> [TASK DETAILS]:
Down to the last line, retype each line of the entries exactly, starting with the one that contains "Fixpoint cpow (z".

[Collected data]
(* Let $(q_n),(r_n)$ be complex sequences vanishing faster than any negative power of $|n|$ as $n\to\pm\infty$ with $1-q_nr_n\neq0$ and $1+q_nr_{n+1}\ne0$ for all $n$, and let $\begin{bmatrix}\bar M_{nm}&M_{nm}\end{bmatrix}$ be as in the context. Writing $[\mathbf v]_1,[\mathbf v]_2$ for the components of a column vector $\mathbf v$, $$q_n=\frac{\sum_{l=n}^\infty[M_{nl}]_1\sum_{k=n}^\infty[M_{nk}]_2}{\sum_{l=n}^\infty[\bar M_{nl}]_1\sum_{k=n}^\infty[M_{nk}]_2-\sum_{l=n}^\infty[M_{nl}]_1\sum_{k=n}^\infty[\bar M_{nk}]_2},$$ $$r_n=\frac{\sum_{l=n-1}^\infty[\bar M_{(n-1)l}]_2}{\sum_{l=n-1}^\infty[M_{(n-1)l}]_2}-\frac{\sum_{l=n}^\infty[\bar M_{nl}]_2}{\sum_{l=n}^\infty[M_{nl}]_2}.$$
   Context: System (Q): $\begin{bmatrix}\alpha_n\\ \beta_n\end{bmatrix}=\begin{bmatrix} z & (z-z^{-1})q_n\\ z r_n & z^{-1}+(z-z^{-1})q_nr_n\end{bmatrix}\begin{bmatrix}\alpha_{n+1}\\ \beta_{n+1}\end{bmatrix}$, $n\in\mathbb Z$. For $|z|=1$ let $\psi_n$, $\bar\psi_n$ (overbar not complex conjugation) be the solutions with $\psi_n=\begin{bmatrix}o(1)\\ z^n[1+o(1)]\end{bmatrix}$ and $\bar\psi_n=\begin{bmatrix}z^{-n}[1+o(1)]\\ o(1)\end{bmatrix}$ as $n\to+\infty$. Let $K_{nm}:=\frac1{2\pi i}\oint\psi_n z^{-m-1}dz$, $\bar K_{nm}:=\frac1{2\pi i}\oint\bar\psi_n z^{m-1}dz$ (integrals counterclockwise over the unit circle; these are column vectors with $\psi_n=\sum_{l\ge n}K_{nl}z^l$, $\bar\psi_n=\sum_{l\ge n}\bar K_{nl}z^{-l}$). The $2\times2$ matrix $\begin{bmatrix}\bar K_{nn}&K_{nn}\end{bmatrix}$ is invertible and $\begin{bmatrix}\bar M_{nm}&M_{nm}\end{bmatrix}:=\begin{bmatrix}\bar K_{nn}&K_{nn}\end{bmatrix}^{-1}\begin{bmatrix}\bar K_{nm}&K_{nm}\end{bmatrix}$ for $m\ge n$. (These $M,\bar M$ are the solution of the discrete Marchenko system of (Q).) *)

From Stdlib Require Import Reals ZArith.
From Coquelicot Require Import Coquelicot.
Open Scope C_scope.

Definition vec2 := (C * C)%type.
Definition comp1 (v : vec2) : C := fst v.
Definition comp2 (v : vec2) : C := snd v.

Fixpoint cpow (z : C) (k : nat) : C :=
  match k with O => 1 | S k' => z * cpow z k' end.
Definition zpow (z : C) (m : Z) : C :=
  match m with
  | Z0 => 1
  | Zpos p => cpow z (Pos.to_nat p)
  | Zneg p => / cpow z (Pos.to_nat p)
  end.

Definition eit (t : R) : C := (cos t, sin t).
Definition Ci : C := (0%R, 1%R).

> [EXERCISE ANSWER]:
Fixpoint cpow (z : C) (k : nat) : C :=
  match k with O => 1 | S k' => z * cpow z k' end.
Definition zpow (z : C) (m : Z) : C :=
  match m with
  | Z0 => 1
  | Zpos p => cpow z (Pos.to_nat p)
  | Zneg p => / cpow z (Pos.to_nat p)
  end.

Definition eit (t : R) : C := (cos t, sin t).
Definition Ci : C := (0%R, 1%R).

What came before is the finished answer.